FAQs

1. How do I port this across other infrastructures if I have a different setup than the Linux/SLURM server used in the documentation?

Thank you for your question! One of the primary advantages of using Nextflow is its portability across various job schedulers and infrastructure systems, including cloud computing. While it’s challenging to provide examples for all possible variations, we recommend referring to the Nextflow executors for detailed information on how to modify the configuration file to work across different systems. Additionally, you can utilize conda environments or Docker containers to further enhance compatibility.

2. Where can I find helpful resources if I’m new to Nextflow?

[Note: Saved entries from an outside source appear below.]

(* Let $M\ge3$ be an integer and $p\in[2,\infty]$. For every continuous $M$-linear form $T:X_p\times X_\infty\times\cdots\times X_\infty\to\mathbb{R}$, \[ \left(\sum_{i_1=1}^\infty\left(\sum_{i_2,\dots,i_M=1}^\infty|T(e_{i_1},\dots,e_{i_M})|^2\right)^{\frac12\cdot\frac{p}{p-1}}\right)^{\frac{p-1}{p}}\le\left(\mathrm{A}_{\frac{p}{p-1}}\right)^{M-1}\|T\|. \] Hence the optimal constant $C_{(M),p}$ satisfies $C_{(M),p}\le(\mathrm{A}_{p/(p-1)})^{M-1}$.
   Context: Scalars are real. $X_p=\ell_p$ for $1\le p<\infty$, $X_\infty=c_0$, $(e_k)$ canonical unit vectors. For a continuous $M$-linear form $T:X_{p_1}\times\cdots\times X_{p_M}\to\mathbb{R}$, $\|T\|=\sup\{|T(x^{(1)},\dots,x^{(M)})|:\|x^{(k)}\|_{X_{p_k}}\le1\}$. $p/(p-1)$ is read as $1$ when $p=\infty$. $r_j(t)=\operatorname{sign}(\sin(2^j\pi t))$ are the Rademacher functions, and for $0<r<\infty$, $\mathrm{A}_r$ is the optimal constant such that $\left(\sum_{j=1}^n|a_j|^2\right)^{1/2}\le \mathrm{A}_r\left(\int_0^1|\sum_{j=1}^n a_jr_j(t)|^rdt\right)^{1/r}$ for all $n$ and real $a_j$. $C_{(M),p}$ denotes the optimal constant $C$ in the displayed inequality (with $C$ in place of $(\mathrm{A}_{p/(p-1)})^{M-1}$) over all such $T$. *)

From Stdlib Require Import Reals Lra Lia.
Open Scope R_scope.

(** Nonnegative real power: [rpow x r = x^r] for [x > 0], and [0] for [x <= 0]
    (used only with [x >= 0] and [r > 0], where [0^r = 0]). *)
Definition rpow (x r : R) : R :=
  if Rlt_dec 0 x then Rpower x r else 0.

Fixpoint fsum (n : nat) (f : nat -> R) : R :=
  match n with O => 0 | S m => fsum m f + f m end.

(** Exponents p in [1, oo]: [Fin p] or [Inf]. *)
Inductive Exp := Fin (p : R) | Inf.

Definition conj_exp (e : Exp) : R :=
  match e with Fin p => p / (p - 1) | Inf => 1 end.

(** X_p = l_p (p finite), X_oo = c_0; sequences are [nat -> R]
    (index 0 corresponds to the paper's index 1). *)
Definition inX (e : Exp) (x : nat -> R) : Prop :=
  match e with
  | Fin p => exists S, infinite_sum (fun i => rpow (Rabs (x i)) p) S
  | Inf => Un_cv x 0
  end.

Definition inBall (e : Exp) (x : nat -> R) : Prop :=
  match e with
  | Fin p => exists S, infinite_sum (fun i => rpow (Rabs (x i)) p) S
                       /\ rpow S (/ p) <= 1
  | Inf => Un_cv x 0 /\ forall i, Rabs (x i) <= 1
  end.

Definition evec (i : nat) : nat -> R := fun j => if Nat.eq_dec i j then 1 else 0.

Definition slot (e : Exp) (k : nat) : Exp :=
  match k with O => e | S _ => Inf end.

(** An M-linear form is modelled as T : (nat -> (nat -> R)) -> R, where
    x k is the k-th argument (only k < M is relevant). *)
Definition upd (x : nat -> nat -> R) (k : nat) (v : nat -> R) : nat -> nat -> R :=
  fun j => if Nat.eq_dec j k then v else x j.
(* Let $0<\phi<\pi/6$, $\nu>0$. For $F,G\in\mathcal A_\phi$ and every integer $j\ge0$, $$|(p^jF)*G(p,t)|\le\frac{|p|^je^{\nu|p|}}{M_0(1+|p|^2)}\|F\|_\nu\|G\|_\nu\qquad\text{for all }(p,t)\in\overline{\mathcal S_\phi}\times[0,T].$$
   Context: $T>0$; $\mathcal S_\phi=\{p:\arg p\in(-\phi,\phi),0<|p|<\infty\}$, $\mathcal K=\overline{\mathcal S_\phi}\times[0,T]$; $\|G\|_\nu=M_0\sup_{(p,t)\in\mathcal K}(1+|p|^2)e^{-\nu|p|}|G(p,t)|$ with $M_0=\sup_{s\ge0}\frac{2(1+s^2)(\ln(1+s^2)+s\arctan s)}{s(s^2+4)}$. $\mathcal A_\phi$ is the space of functions $F(p,t)$ analytic in $p\in\mathcal S_\phi$, continuous on $\overline{\mathcal S_\phi}$ for each $t\in[0,T]$, with $\|F\|_\nu<\infty$. Convolution: $(F*G)(p,t)=\int_0^pF(s,t)G(p-s,t)\,ds$ along the segment $[0,p]$; $(p^jF)$ denotes the function $(p,t)\mapsto p^jF(p,t)$. *)

From Stdlib Require Import Reals.
From Coquelicot Require Import Coquelicot.
Open Scope R_scope.

Definition open_sector (phi : R) (p : C) : Prop :=
  exists r theta : R, 0 < r /\ - phi < theta < phi /\
    p = (r * cos theta, r * sin theta)%R.

Definition closed_sector (phi : R) (p : C) : Prop :=
  exists r theta : R, 0 <= r /\ - phi <= theta <= phi /\
    p = (r * cos theta, r * sin theta)%R.

(* M_0 = sup_{s >= 0} 2(1+s^2)(ln(1+s^2) + s arctan s) / (s (s^2+4))
   (the expression is a 0/0 form at s = 0, so the sup is taken over s > 0,
   which gives the same supremum). *)
Definition M0 : R :=
  real (Lub_Rbar (fun y => exists s : R, 0 < s /\
    y = 2 * (1 + s ^ 2) * (ln (1 + s ^ 2) + s * atan s) / (s * (s ^ 2 + 4)))).

Definition weighted_vals (T phi nu : R) (G : C -> R -> C) (y : R) : Prop :=
  exists (p : C) (t : R), closed_sector phi p /\ 0 <= t <= T /\
    y = (1 + Cmod p ^ 2) * exp (- nu * Cmod p) * Cmod (G p t).

Definition nu_norm (T phi nu : R) (G : C -> R -> C) : R :=
  M0 * real (Lub_Rbar (weighted_vals T phi nu G)).

Definition in_A (T phi nu : R) (F : C -> R -> C) : Prop :=
  (forall t, 0 <= t <= T ->
     (forall p, open_sector phi p ->
        @ex_derive C_AbsRing C_NormedModule (fun z => F z t) p) /\
     (forall p, closed_sector phi p ->
        filterlim (fun z => F z t) (within (closed_sector phi) (locally p))
                  (locally (F p t)))) /\
  is_finite (Lub_Rbar (weighted_vals T phi nu F)).

(* Convolution along the segment [0,p]:
   (F*G)(p,t) = int_0^p F(s,t) G(p-s,t) ds = int_0^1 F(tau p,t) G(p - tau p,t) p dtau *)
Definition conv (F G : C -> R -> C) (p : C) (t : R) : C :=
  @RInt C_R_CompleteNormedModule
    (fun tau : R => (F (RtoC tau * p)%C t * G (p - RtoC tau * p)%C t * p)%C) 0 1.

Definition pmul (j : nat) (F : C -> R -> C) : C -> R -> C :=
  fun p t => (Cpow p j * F p t)%C.

(* On the segment [0, p] the weighted norms give
   |F(tau p)| <= ||F|| e^(nu tau |p|) / (M0 (1 + tau^2 |p|^2)), and likewise for G at
   (1 - tau) p, while |tau p|^j <= |p|^j.  The two exponentials multiply to e^(nu |p|),
   and what is left is the integral of |p| / ((1 + tau^2 |p|^2) (1 + (1 - tau)^2 |p|^2))
   over [0, 1].  Partial fractions evaluate it to r(|p|) / (1 + |p|^2), where r is exactly
   the function whose supremum defines M0, so it is at most M0 / (1 + |p|^2). *)

From Stdlib Require Import Reals Lra.
From Coquelicot Require Import Coquelicot.
Open Scope R_scope.

Definition sector_continuous (phi : R) (f : C -> C) : Prop :=
  forall q, closed_sector phi q ->
    filterlim f (within (closed_sector phi) (locally q)) (locally (f q)).

Lemma closed_sector_scale (phi r : R) (p : C) :
  closed_sector phi p -> 0 <= r -> closed_sector phi (RtoC r * p)%C.
Proof.
  intros [rp [th [Hrp [Hth ->]]]] Hr.
  exists (r * rp), th; split; [nra | split; [lra |]].
  unfold Cmult, RtoC; simpl; f_equal; ring.
Qed.

Lemma Cmod_scale (r : R) (p : C) : 0 <= r -> Cmod (RtoC r * p)%C = r * Cmod p.
Proof. intros Hr; rewrite Cmod_mult, Cmod_R, Rabs_pos_eq by exact Hr; reflexivity. Qed.

Lemma Cminus_scale (r : R) (p : C) : (p - RtoC r * p)%C = (RtoC (1 - r) * p)%C.
Proof. destruct p; unfold Cminus, Cplus, Copp, Cmult, RtoC; simpl; f_equal; ring. Qed.

Lemma RtoC_mult_scal (r : R) (p : C) :
  (RtoC r * p)%C = @scal R_AbsRing C_R_NormedModule r p.
Proof.
  destruct p; unfold Cmult, RtoC, scal; simpl; unfold prod_scal, scal; simpl.
  unfold mult; simpl; f_equal; ring.
Qed.

Lemma filterlim_C_AbsRing {T : Type} (F : (T -> Prop) -> Prop) (f : T -> C) (c : C) :
  filterlim f F (@locally C_UniformSpace c) ->
  filterlim f F (@locally (AbsRing_UniformSpace C_AbsRing) c).
Proof. intros Hf P HP; apply Hf, locally_C, HP. Qed.

Lemma filterlim_Cmult {T : Type} (F : (T -> Prop) -> Prop) {FF : Filter F}
    (f g : T -> C) (a b : C) :
  filterlim f F (locally a) -> filterlim g F (locally b) ->
  filterlim (fun x => f x * g x)%C F (locally (a * b)%C).
Proof.
  intros Hf Hg.
  eapply filterlim_comp_2;
    [exact (filterlim_C_AbsRing _ _ _ Hf) | exact (filterlim_C_AbsRing _ _ _ Hg) |].
  intros P HP; apply (@filterlim_mult C_AbsRing a b), locally_C, HP.
Qed.

Lemma filterlim_Cpow {T : Type} (F : (T -> Prop) -> Prop) {FF : Filter F}
    (f : T -> C) (a : C) (j : nat) :
  filterlim f F (locally a) -> filterlim (fun x => Cpow (f x) j) F (locally (Cpow a j)).
Proof.
  intros Hf; induction j as [| j IH]; simpl.
  - apply filterlim_const.
  - apply filterlim_Cmult; assumption.
Qed.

If you’re new to Nextflow, we recommend checking out Nextflow’s Training, which offers valuable links and resources to help you understand workflows and get started.

3. What do the summary statistic columns created by Tractor GWAS in output files represent?

The output files are described in detail on Tractor’s GitHub. You can find explanations for the summary statistic columns there.

4. What LAI tools are currently supported for running Tractor?

Tractor currently supports several Local Ancestry Inference (LAI) tools, including RFMix2, G-Nomix, and FLARE. Tractor operates in two main steps:

  1. Extracting ancestry-specific tracts using ancestry calls and phased VCF files.
  2. Running Tractor GWAS.

If the LAI tool you are using generates an *.msp file, you can use extract_tracts.py to generate the necessary inputs and then run Tractor GWAS. For FLARE, which outputs a VCF file with both ancestry calls and genotypes, we have created a new script, extract_tracts_flare.py, to support this process.

If you want to experiment with a new LAI tool, you can run the workflow modularly (one module at a time) and test the tool out. Check here for modular workflow runs.

5. If I want to run additional phenotypes on the same dataset I’ve previously used with Tractor, do I need to rerun the entire pipeline?

No, you don’t need to rerun the complete pipeline. The extracted tracts in your output directory, specifically within the 4_extract_tracts folder, can serve as the input for running additional phenotypes.

6. Where can I find genomic chunk files for SHAPEIT5?

We have provided genomic chunk files for the b37 and b38 genomes on Tractor’s GitHub here. It’s important to note that the chromosome nomenclature (chr1 v/s 1) should be consistent across your input VCF, reference VCF, genomic chunk file, and genetic map files.

7. Where can I find genetic map files for phasing/LAI?

For SHAPEIT5, genetic map files are available on SHAPEIT5’s GitHub under their resources. Please note that these files need to be reformatted to make them compatible with RFMix2 and G-Nomix requirements. For FLARE, genetic map files in PLINK format are required, as described in FLARE’s README.